(* There exists a $\mathbb Q^\pi$-algebra automorphism $u\mapsto u^\dagger$ of $\mathbf U$ which restricts to the dagger involution on the scalars $\mathbb Q(v)^\pi$ (so $v^\dagger=\pi v$, $\pi^\dagger=\pi$) and satisfies, for all $i\in I$ and $\nu\in Y$, $$E_i^\dagger=\pi_i\tilde J_iE_i,\qquad F_i^\dagger=F_i,\qquad K_\nu^\dagger=J_\nu K_\nu,\qquad J_\nu^\dagger=J_\nu .$$
   Context: Setup. $I$ is a finite set with a partition $I=I_{\bar 0}\sqcup I_{\bar 1}$, $I_{\bar 1}\neq\emptyset$; $p(i)=0$ for $i\in I_{\bar0}$ and $p(i)=1$ for $i\in I_{\bar1}$. There is a symmetric $\mathbb Z$-bilinear form $\nu\cdot\nu'$ on $\mathbb Z[I]$ with $d_i:=\frac{i\cdot i}{2}\in\mathbb Z_{>0}$, $a_{ij}:=\frac{2\,i\cdot j}{i\cdot i}\in\mathbb Z_{\le 0}$ for $i\neq j$, $a_{ij}\in2\mathbb Z$ whenever $i\in I_{\bar1}$, and $d_i\equiv p(i)\pmod 2$ (hence $i\cdot j\in2\mathbb Z$ for all $i,j$). A root datum is fixed: free abelian groups $X,Y$ of finite rank with a perfect pairing $\langle\cdot,\cdot\rangle:Y\times X\to\mathbb Z$, a map $I\to Y$, $i\mapsto i$, with linearly independent image, and a map $I\to X$, $i\mapsto i'$, with $\langle i,j'\rangle=\frac{2\,i\cdot j}{i\cdot i}$. For $\nu=\sum\nu_i i\in\mathbb Z[I]$ put $p(\nu)=\sum\nu_ip(i)\in\mathbb Z/2$, $\mathrm{ht}\,\nu=\sum\nu_i$, $\tilde\nu=\sum d_i\nu_i i$, regard $\nu$ as an element of $Y$ via $i\mapsto i$, and put $\nu'=\sum\nu_ii'\in X$. $X^+=\{\lambda\in X:\langle i,\lambda\rangle\ge0\ \forall i\}$; $b_{ij}=1-a_{ij}$. Parameters: $\pi$ is an indeterminate with $\pi^2=1$; $\mathbb Z^\pi=\mathbb Z[\pi]/(\pi^2-1)$, $\mathbb Q^\pi=\mathbb Q[\pi]/(\pi^2-1)$, $\mathbb Q(v)^\pi=\mathbb Q(v)[\pi]/(\pi^2-1)$, $\mathbb A=\mathbb Z^\pi[v,v^{-1}]$. $v_i=v^{d_i}$, $\pi_i=\pi^{d_i}$, $v_\nu=\prod v_i^{\nu_i}$, $\pi_\nu=\prod\pi_i^{\nu_i}$. $[n]_{v,\pi}=\frac{(\pi v)^n-v^{-n}}{\pi v-v^{-1}}$, $[n]^!_{v,\pi}=\prod_{l=1}^n[l]_{v,\pi}$, $\begin{bmatrix}n\\k\end{bmatrix}_{v,\pi}=\prod_{l=n-k+1}^{n}((\pi v)^l-v^{-l})\big/\prod_{m=1}^k((\pi v)^m-v^{-m})$. The bar involution of $\mathbb Q(v)^\pi$ is the $\mathbb Q^\pi$-algebra automorphism $f(v,\pi)\mapsto f(\pi v^{-1},\pi)$. The quantum covering group $\mathbf U$ is the $\mathbb Q(v)^\pi$-algebra with generators $E_i,F_i$ ($i\in I$), $K_\mu,J_\mu$ ($\mu\in Y$) and relations: $K_\mu K_\nu=K_{\mu+\nu}$, $J_\mu J_\nu=J_{\mu+\nu}$, $K_0=J_0=J_\nu^2=1$, $J_\mu K_\nu=K_\nu J_\mu$; $J_\mu E_i=\pi^{\langle\mu,i'\rangle}E_iJ_\mu$, $J_\mu F_i=\pi^{-\langle\mu,i'\rangle}F_iJ_\mu$, $K_\mu E_i=v^{\langle\mu,i'\rangle}E_iK_\mu$, $K_\mu F_i=v^{-\langle\mu,i'\rangle}F_iK_\mu$; $E_iF_j-\pi^{p(i)p(j)}F_jE_i=\delta_{ij}\frac{\tilde J_i\tilde K_i-\tilde K_{-i}}{\pi_iv_i-v_i^{-1}}$; and for $i\neq j$, $\sum_{k=0}^{b_{ij}}(-1)^k\pi^{\binom k2p(i)+kp(i)p(j)}\begin{bmatrix}b_{ij}\\k\end{bmatrix}_{v_i,\pi_i}X_i^{b_{ij}-k}X_jX_i^k=0$ for $X=E$ and for $X=F$. Here $\tilde J_\nu=J_{\tilde\nu}$, $\tilde K_\nu=K_{\tilde\nu}$. The dagger involution of $\mathbb Q(v)^\pi$ is the $\mathbb Q^\pi$-algebra automorphism $f(v,\pi)\mapsto f(\pi v,\pi)$. *)

From HB Require Import structures.
From mathcomp Require Import all_boot all_order all_algebra.
Set Implicit Arguments.
Unset Strict Implicit.
Unset Printing Implicit Defensive.
Import Order.TTheory GRing.Theory Num.Theory.
Local Open Scope ring_scope.
(* Let $\Omega\subset\mathbb R^d$ be a bounded open set, $L>0$, $n\in\mathbb Z_+$, $X=\overline\Omega\times[-L,L]^n$, $\varepsilon>0$, $N\in\mathbb N$, and points $\bar x_1,\dots,\bar x_N\in\Omega$. Suppose $G_n,G:\mathcal P(X)\to\mathcal P(X)$ satisfy $\lim_{n\to\infty}W_1(G_n(\mu),G(\mu))=0$ for all $\mu\in\mathcal P(X)$. Then for each $h\in C(\overline\Omega;[-L,L]^n)$, $$\mathbf F_\varepsilon\circ G\circ\mathbf M_N(h)=\lim_{n\to\infty}\mathbf F_\varepsilon\circ G_n\circ\mathbf M_N(h),$$ with convergence in $C(\overline\Omega;\mathbb R^n)$ (hence also in $H^{-s}(\Omega;\mathbb R^n)$ for every $s\ge0$). The same holds with $(G_n)_n$ replaced by a family $(G_\eta)_{\eta>0}$ and $n\to\infty$ replaced by $\eta\to0$.
   Context: $\mathcal P(X)$: Borel probability measures with the $W_1$ metric. $\mathbf M_N(h)=\frac1N\sum_{j=1}^N\delta_{(\bar x_j,h(\bar x_j))}$. With $\rho\in C_c^\infty(\mathbb R^d)$ a mollifier ($\int\rho=1$, $\mathrm{supp}\,\rho\subset B(0,1)$, $\rho$ even), $(\mathbf F_\varepsilon\gamma)(x)=\frac{\mathrm{vol}(\Omega)}{\varepsilon^d}\int_X\rho(\frac{x'-x}{\varepsilon})\,y'\,d\gamma(x',y')$, $x\in\overline\Omega$. *)

From HB Require Import structures.
From mathcomp Require Import all_boot all_order all_algebra.
From mathcomp Require Import all_classical all_reals all_analysis.
Set Implicit Arguments. Unset Strict Implicit. Unset Printing Implicit Defensive.
Import Order.TTheory GRing.Theory Num.Theory.
Import numFieldNormedType.Exports.
Local Open Scope classical_set_scope.
Local Open Scope ring_scope.

Definition BorelT (T : topologicalType) := g_sigma_algebraType (@open T).

Definition Amb (R : realType) (d n : nat) :=
  BorelT ('rV[R]_d * 'rV[R]_n)%type.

********

**What the task requires:** In this exercise, you retype all of the data exactly as it appears above.

**Response to this exercise:**
(* There exists a $\mathbb Q^\pi$-algebra automorphism $u\mapsto u^\dagger$ of $\mathbf U$ which restricts to the dagger involution on the scalars $\mathbb Q(v)^\pi$ (so $v^\dagger=\pi v$, $\pi^\dagger=\pi$) and satisfies, for all $i\in I$ and $\nu\in Y$, $$E_i^\dagger=\pi_i\tilde J_iE_i,\qquad F_i^\dagger=F_i,\qquad K_\nu^\dagger=J_\nu K_\nu,\qquad J_\nu^\dagger=J_\nu .$$
   Context: Setup. $I$ is a finite set with a partition $I=I_{\bar 0}\sqcup I_{\bar 1}$, $I_{\bar 1}\neq\emptyset$; $p(i)=0$ for $i\in I_{\bar0}$ and $p(i)=1$ for $i\in I_{\bar1}$. There is a symmetric $\mathbb Z$-bilinear form $\nu\cdot\nu'$ on $\mathbb Z[I]$ with $d_i:=\frac{i\cdot i}{2}\in\mathbb Z_{>0}$, $a_{ij}:=\frac{2\,i\cdot j}{i\cdot i}\in\mathbb Z_{\le 0}$ for $i\neq j$, $a_{ij}\in2\mathbb Z$ whenever $i\in I_{\bar1}$, and $d_i\equiv p(i)\pmod 2$ (hence $i\cdot j\in2\mathbb Z$ for all $i,j$). A root datum is fixed: free abelian groups $X,Y$ of finite rank with a perfect pairing $\langle\cdot,\cdot\rangle:Y\times X\to\mathbb Z$, a map $I\to Y$, $i\mapsto i$, with linearly independent image, and a map $I\to X$, $i\mapsto i'$, with $\langle i,j'\rangle=\frac{2\,i\cdot j}{i\cdot i}$. For $\nu=\sum\nu_i i\in\mathbb Z[I]$ put $p(\nu)=\sum\nu_ip(i)\in\mathbb Z/2$, $\mathrm{ht}\,\nu=\sum\nu_i$, $\tilde\nu=\sum d_i\nu_i i$, regard $\nu$ as an element of $Y$ via $i\mapsto i$, and put $\nu'=\sum\nu_ii'\in X$. $X^+=\{\lambda\in X:\langle i,\lambda\rangle\ge0\ \forall i\}$; $b_{ij}=1-a_{ij}$. Parameters: $\pi$ is an indeterminate with $\pi^2=1$; $\mathbb Z^\pi=\mathbb Z[\pi]/(\pi^2-1)$, $\mathbb Q^\pi=\mathbb Q[\pi]/(\pi^2-1)$, $\mathbb Q(v)^\pi=\mathbb Q(v)[\pi]/(\pi^2-1)$, $\mathbb A=\mathbb Z^\pi[v,v^{-1}]$. $v_i=v^{d_i}$, $\pi_i=\pi^{d_i}$, $v_\nu=\prod v_i^{\nu_i}$, $\pi_\nu=\prod\pi_i^{\nu_i}$. $[n]_{v,\pi}=\frac{(\pi v)^n-v^{-n}}{\pi v-v^{-1}}$, $[n]^!_{v,\pi}=\prod_{l=1}^n[l]_{v,\pi}$, $\begin{bmatrix}n\\k\end{bmatrix}_{v,\pi}=\prod_{l=n-k+1}^{n}((\pi v)^l-v^{-l})\big/\prod_{m=1}^k((\pi v)^m-v^{-m})$. The bar involution of $\mathbb Q(v)^\pi$ is the $\mathbb Q^\pi$-algebra automorphism $f(v,\pi)\mapsto f(\pi v^{-1},\pi)$. The quantum covering group $\mathbf U$ is the $\mathbb Q(v)^\pi$-algebra with generators $E_i,F_i$ ($i\in I$), $K_\mu,J_\mu$ ($\mu\in Y$) and relations: $K_\mu K_\nu=K_{\mu+\nu}$, $J_\mu J_\nu=J_{\mu+\nu}$, $K_0=J_0=J_\nu^2=1$, $J_\mu K_\nu=K_\nu J_\mu$; $J_\mu E_i=\pi^{\langle\mu,i'\rangle}E_iJ_\mu$, $J_\mu F_i=\pi^{-\langle\mu,i'\rangle}F_iJ_\mu$, $K_\mu E_i=v^{\langle\mu,i'\rangle}E_iK_\mu$, $K_\mu F_i=v^{-\langle\mu,i'\rangle}F_iK_\mu$; $E_iF_j-\pi^{p(i)p(j)}F_jE_i=\delta_{ij}\frac{\tilde J_i\tilde K_i-\tilde K_{-i}}{\pi_iv_i-v_i^{-1}}$; and for $i\neq j$, $\sum_{k=0}^{b_{ij}}(-1)^k\pi^{\binom k2p(i)+kp(i)p(j)}\begin{bmatrix}b_{ij}\\k\end{bmatrix}_{v_i,\pi_i}X_i^{b_{ij}-k}X_jX_i^k=0$ for $X=E$ and for $X=F$. Here $\tilde J_\nu=J_{\tilde\nu}$, $\tilde K_\nu=K_{\tilde\nu}$. The dagger involution of $\mathbb Q(v)^\pi$ is the $\mathbb Q^\pi$-algebra automorphism $f(v,\pi)\mapsto f(\pi v,\pi)$. *)

From HB Require Import structures.
From mathcomp Require Import all_boot all_order all_algebra.
Set Implicit Arguments.
Unset Strict Implicit.
Unset Printing Implicit Defensive.
Import Order.TTheory GRing.Theory Num.Theory.
Local Open Scope ring_scope.
(* Let $\Omega\subset\mathbb R^d$ be a bounded open set, $L>0$, $n\in\mathbb Z_+$, $X=\overline\Omega\times[-L,L]^n$, $\varepsilon>0$, $N\in\mathbb N$, and points $\bar x_1,\dots,\bar x_N\in\Omega$. Suppose $G_n,G:\mathcal P(X)\to\mathcal P(X)$ satisfy $\lim_{n\to\infty}W_1(G_n(\mu),G(\mu))=0$ for all $\mu\in\mathcal P(X)$. Then for each $h\in C(\overline\Omega;[-L,L]^n)$, $$\mathbf F_\varepsilon\circ G\circ\mathbf M_N(h)=\lim_{n\to\infty}\mathbf F_\varepsilon\circ G_n\circ\mathbf M_N(h),$$ with convergence in $C(\overline\Omega;\mathbb R^n)$ (hence also in $H^{-s}(\Omega;\mathbb R^n)$ for every $s\ge0$). The same holds with $(G_n)_n$ replaced by a family $(G_\eta)_{\eta>0}$ and $n\to\infty$ replaced by $\eta\to0$.
   Context: $\mathcal P(X)$: Borel probability measures with the $W_1$ metric. $\mathbf M_N(h)=\frac1N\sum_{j=1}^N\delta_{(\bar x_j,h(\bar x_j))}$. With $\rho\in C_c^\infty(\mathbb R^d)$ a mollifier ($\int\rho=1$, $\mathrm{supp}\,\rho\subset B(0,1)$, $\rho$ even), $(\mathbf F_\varepsilon\gamma)(x)=\frac{\mathrm{vol}(\Omega)}{\varepsilon^d}\int_X\rho(\frac{x'-x}{\varepsilon})\,y'\,d\gamma(x',y')$, $x\in\overline\Omega$. *)

From HB Require Import structures.
From mathcomp Require Import all_boot all_order all_algebra.
From mathcomp Require Import all_classical all_reals all_analysis.
Set Implicit Arguments. Unset Strict Implicit. Unset Printing Implicit Defensive.
Import Order.TTheory GRing.Theory Num.Theory.
Import numFieldNormedType.Exports.
Local Open Scope classical_set_scope.
Local Open Scope ring_scope.

Definition BorelT (T : topologicalType) := g_sigma_algebraType (@open T).

Definition Amb (R : realType) (d n : nat) :=
  BorelT ('rV[R]_d * 'rV[R]_n)%type.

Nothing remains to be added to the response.